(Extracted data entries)
§ §
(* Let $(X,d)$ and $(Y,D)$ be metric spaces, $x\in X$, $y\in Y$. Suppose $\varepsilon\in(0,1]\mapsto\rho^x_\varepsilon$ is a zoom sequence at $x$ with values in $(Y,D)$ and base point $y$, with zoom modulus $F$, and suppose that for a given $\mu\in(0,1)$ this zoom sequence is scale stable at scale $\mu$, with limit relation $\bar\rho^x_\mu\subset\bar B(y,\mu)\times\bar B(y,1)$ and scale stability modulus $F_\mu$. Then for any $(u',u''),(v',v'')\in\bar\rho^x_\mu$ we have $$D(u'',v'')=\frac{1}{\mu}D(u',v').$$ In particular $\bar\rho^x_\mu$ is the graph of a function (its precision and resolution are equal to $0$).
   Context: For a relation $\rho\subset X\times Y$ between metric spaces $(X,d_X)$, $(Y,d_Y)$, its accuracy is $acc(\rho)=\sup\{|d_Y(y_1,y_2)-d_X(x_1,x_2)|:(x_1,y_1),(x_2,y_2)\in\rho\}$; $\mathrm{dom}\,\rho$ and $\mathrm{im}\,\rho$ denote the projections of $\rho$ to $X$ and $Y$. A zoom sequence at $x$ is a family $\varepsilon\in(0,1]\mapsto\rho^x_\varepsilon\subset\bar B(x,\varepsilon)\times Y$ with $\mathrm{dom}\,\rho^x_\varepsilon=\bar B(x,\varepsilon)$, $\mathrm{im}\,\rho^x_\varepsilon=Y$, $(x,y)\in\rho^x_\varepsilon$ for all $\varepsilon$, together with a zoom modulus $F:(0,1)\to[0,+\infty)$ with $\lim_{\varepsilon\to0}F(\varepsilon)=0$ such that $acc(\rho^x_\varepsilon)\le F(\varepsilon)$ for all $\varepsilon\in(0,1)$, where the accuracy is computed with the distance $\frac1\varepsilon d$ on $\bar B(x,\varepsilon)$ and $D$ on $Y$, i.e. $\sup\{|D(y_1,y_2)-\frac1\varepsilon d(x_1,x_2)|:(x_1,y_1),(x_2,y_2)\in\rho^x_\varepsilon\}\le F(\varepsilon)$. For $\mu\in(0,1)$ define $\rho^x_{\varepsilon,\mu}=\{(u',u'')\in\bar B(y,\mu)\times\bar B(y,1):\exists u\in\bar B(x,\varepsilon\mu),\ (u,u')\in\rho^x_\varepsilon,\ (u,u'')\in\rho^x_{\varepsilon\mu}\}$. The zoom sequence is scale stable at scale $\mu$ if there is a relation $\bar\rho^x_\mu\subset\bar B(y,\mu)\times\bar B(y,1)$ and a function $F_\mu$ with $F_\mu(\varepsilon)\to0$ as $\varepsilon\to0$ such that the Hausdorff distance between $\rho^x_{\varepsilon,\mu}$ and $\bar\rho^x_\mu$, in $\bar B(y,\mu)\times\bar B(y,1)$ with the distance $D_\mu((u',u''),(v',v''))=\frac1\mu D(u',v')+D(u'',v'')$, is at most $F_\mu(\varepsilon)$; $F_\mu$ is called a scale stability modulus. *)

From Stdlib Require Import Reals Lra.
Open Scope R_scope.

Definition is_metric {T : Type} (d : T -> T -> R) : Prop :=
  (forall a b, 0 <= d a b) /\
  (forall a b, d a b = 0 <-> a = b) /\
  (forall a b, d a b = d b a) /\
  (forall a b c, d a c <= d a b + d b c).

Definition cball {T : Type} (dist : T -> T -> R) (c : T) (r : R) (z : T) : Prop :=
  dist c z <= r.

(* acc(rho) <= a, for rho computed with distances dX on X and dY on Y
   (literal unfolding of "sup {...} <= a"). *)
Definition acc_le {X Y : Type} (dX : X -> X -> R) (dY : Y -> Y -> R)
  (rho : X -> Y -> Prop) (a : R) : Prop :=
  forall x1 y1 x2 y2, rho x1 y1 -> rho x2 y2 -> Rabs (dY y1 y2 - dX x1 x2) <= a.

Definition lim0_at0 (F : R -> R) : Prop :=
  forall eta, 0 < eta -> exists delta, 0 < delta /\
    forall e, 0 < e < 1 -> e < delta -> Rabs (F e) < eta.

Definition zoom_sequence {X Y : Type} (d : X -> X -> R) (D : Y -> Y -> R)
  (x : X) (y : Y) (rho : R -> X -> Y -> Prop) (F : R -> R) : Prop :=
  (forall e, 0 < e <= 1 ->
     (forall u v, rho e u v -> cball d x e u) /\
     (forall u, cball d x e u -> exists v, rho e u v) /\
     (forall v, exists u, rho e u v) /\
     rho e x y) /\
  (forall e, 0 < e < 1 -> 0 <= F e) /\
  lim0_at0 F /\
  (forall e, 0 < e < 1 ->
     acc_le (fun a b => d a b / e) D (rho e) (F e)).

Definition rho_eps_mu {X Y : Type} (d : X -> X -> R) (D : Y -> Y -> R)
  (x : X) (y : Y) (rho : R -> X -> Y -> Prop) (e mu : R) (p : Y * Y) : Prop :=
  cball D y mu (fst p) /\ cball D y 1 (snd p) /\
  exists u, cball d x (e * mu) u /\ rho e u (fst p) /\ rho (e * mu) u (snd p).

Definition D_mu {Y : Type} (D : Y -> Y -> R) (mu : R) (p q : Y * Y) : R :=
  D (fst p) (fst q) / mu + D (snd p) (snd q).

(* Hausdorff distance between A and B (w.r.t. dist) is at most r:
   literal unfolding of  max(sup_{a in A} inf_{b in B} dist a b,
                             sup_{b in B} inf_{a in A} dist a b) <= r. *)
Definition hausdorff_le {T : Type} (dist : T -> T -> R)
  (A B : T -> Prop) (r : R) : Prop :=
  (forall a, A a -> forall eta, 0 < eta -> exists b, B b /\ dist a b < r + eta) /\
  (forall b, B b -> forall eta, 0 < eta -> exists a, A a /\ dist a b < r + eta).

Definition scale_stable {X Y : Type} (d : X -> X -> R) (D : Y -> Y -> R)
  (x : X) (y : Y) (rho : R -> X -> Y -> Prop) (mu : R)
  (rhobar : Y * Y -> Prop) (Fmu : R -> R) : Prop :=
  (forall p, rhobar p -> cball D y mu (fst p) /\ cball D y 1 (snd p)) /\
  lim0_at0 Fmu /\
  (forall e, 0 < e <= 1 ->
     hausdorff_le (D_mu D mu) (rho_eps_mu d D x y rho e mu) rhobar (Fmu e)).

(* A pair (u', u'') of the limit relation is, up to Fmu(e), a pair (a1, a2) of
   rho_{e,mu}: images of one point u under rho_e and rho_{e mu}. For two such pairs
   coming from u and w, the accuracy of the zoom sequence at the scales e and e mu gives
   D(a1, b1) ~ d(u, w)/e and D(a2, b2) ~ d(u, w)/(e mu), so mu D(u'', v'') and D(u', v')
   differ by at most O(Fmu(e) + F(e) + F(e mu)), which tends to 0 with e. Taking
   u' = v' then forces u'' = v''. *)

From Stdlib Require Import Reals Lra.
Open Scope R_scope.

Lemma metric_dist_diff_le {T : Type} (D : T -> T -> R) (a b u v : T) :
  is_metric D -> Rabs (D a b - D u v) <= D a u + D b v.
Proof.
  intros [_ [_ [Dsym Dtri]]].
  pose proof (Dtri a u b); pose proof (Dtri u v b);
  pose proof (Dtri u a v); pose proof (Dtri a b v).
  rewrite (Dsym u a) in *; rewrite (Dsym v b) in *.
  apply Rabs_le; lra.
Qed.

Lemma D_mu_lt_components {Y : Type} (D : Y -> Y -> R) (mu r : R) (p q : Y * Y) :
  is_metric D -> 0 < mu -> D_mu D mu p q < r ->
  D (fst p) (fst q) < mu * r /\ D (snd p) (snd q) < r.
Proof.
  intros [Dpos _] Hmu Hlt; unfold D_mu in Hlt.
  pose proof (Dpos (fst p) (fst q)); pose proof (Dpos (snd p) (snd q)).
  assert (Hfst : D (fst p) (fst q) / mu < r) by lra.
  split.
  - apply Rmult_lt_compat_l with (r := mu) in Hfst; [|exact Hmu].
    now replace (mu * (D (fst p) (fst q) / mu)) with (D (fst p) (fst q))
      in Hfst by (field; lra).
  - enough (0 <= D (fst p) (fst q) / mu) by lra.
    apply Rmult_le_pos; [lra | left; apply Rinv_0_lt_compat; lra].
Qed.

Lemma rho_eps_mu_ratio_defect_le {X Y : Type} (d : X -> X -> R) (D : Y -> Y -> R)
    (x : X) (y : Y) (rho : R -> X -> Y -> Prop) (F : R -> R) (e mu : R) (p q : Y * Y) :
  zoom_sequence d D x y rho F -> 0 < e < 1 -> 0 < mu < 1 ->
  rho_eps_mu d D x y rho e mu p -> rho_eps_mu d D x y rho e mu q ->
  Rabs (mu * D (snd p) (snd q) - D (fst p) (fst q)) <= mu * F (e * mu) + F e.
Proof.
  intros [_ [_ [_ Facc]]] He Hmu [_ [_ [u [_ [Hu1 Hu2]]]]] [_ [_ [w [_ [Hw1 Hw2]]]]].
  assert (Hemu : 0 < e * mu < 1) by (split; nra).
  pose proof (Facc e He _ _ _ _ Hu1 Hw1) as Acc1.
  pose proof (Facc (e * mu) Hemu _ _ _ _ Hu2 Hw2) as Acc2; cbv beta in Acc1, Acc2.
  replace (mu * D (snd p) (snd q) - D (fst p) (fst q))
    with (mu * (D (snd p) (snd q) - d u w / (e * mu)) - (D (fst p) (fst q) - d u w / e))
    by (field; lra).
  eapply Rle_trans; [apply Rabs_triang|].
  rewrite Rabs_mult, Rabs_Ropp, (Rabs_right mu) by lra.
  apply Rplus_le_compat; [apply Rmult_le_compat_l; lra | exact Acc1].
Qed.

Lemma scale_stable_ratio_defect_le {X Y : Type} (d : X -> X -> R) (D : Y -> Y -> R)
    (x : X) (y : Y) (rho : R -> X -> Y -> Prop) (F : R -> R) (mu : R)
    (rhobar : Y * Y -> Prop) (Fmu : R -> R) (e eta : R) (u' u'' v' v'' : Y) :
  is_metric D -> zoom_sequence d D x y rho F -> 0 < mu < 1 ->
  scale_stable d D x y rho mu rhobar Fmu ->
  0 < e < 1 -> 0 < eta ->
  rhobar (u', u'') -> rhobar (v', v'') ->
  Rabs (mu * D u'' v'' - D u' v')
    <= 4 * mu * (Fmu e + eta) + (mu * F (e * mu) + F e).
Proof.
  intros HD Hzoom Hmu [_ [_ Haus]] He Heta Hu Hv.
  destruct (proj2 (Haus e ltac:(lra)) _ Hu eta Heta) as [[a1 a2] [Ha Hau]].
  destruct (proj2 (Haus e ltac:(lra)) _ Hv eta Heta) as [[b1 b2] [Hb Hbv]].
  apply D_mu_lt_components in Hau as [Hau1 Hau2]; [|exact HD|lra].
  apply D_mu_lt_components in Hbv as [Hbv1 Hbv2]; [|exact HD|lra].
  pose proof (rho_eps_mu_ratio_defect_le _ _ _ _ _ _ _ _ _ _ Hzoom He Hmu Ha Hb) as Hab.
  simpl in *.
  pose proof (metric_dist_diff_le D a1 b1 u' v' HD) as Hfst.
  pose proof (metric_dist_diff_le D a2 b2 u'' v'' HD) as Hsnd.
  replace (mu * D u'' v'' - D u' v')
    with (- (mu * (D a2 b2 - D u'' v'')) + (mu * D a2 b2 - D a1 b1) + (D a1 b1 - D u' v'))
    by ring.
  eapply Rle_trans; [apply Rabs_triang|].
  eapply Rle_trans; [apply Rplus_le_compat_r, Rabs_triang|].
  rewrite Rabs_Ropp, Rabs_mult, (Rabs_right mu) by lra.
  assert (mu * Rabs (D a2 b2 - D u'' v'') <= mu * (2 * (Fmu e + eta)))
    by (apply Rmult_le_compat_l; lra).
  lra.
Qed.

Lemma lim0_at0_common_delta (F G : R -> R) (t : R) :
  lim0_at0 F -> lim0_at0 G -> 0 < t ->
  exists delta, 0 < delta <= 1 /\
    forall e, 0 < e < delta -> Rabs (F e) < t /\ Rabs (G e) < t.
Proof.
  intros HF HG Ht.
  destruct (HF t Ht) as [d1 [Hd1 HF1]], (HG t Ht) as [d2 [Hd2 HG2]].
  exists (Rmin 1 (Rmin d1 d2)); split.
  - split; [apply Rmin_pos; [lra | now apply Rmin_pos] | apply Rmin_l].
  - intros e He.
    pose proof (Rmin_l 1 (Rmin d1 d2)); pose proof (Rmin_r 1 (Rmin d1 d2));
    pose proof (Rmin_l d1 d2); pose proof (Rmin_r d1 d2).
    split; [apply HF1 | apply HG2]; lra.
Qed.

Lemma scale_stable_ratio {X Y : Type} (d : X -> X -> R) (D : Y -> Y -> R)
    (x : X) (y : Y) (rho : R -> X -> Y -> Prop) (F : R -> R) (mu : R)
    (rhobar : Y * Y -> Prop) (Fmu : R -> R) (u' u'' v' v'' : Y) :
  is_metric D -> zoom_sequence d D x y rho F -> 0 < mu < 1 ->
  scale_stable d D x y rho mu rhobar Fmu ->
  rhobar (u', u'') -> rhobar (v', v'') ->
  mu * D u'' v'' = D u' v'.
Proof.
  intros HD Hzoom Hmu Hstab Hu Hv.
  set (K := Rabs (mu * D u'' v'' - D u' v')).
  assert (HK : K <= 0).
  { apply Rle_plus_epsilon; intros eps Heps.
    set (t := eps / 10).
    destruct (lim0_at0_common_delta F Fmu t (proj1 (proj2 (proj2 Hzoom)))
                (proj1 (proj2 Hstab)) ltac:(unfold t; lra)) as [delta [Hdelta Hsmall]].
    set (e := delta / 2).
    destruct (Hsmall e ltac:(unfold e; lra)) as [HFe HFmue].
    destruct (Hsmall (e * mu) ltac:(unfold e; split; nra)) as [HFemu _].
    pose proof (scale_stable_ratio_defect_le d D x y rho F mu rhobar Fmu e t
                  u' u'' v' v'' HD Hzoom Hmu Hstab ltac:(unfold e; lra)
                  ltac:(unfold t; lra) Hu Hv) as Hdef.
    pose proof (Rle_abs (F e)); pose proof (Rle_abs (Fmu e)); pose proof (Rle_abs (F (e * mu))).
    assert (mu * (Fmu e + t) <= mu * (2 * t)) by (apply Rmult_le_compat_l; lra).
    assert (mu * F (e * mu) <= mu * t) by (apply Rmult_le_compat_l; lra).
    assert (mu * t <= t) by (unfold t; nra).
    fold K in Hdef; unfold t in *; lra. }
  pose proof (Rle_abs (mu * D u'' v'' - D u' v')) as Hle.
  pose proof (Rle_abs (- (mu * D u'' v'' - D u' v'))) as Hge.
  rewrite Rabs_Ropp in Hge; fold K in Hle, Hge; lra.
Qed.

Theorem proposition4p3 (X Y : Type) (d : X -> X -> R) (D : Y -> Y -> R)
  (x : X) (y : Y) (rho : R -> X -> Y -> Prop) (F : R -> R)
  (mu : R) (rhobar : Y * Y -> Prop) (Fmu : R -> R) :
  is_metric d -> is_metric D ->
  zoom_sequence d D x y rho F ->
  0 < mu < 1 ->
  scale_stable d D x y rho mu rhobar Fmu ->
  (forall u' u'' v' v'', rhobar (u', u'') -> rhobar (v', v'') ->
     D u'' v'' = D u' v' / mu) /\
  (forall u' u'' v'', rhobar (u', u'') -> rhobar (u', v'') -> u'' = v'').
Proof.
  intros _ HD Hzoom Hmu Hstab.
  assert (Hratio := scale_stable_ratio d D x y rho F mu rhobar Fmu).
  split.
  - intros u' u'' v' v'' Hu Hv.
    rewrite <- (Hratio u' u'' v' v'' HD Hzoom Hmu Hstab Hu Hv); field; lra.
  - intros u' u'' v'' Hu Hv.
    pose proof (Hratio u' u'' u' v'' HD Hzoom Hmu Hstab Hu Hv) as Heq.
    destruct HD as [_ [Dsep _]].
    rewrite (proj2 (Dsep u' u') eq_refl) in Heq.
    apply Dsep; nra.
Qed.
§ §
● **Exercise requirements**
In the entries above, find each line with the word "Dsym" and return it.

● **Your solution**
  intros [_ [_ [Dsym Dtri]]].
  rewrite (Dsym u a) in *; rewrite (Dsym v b) in *.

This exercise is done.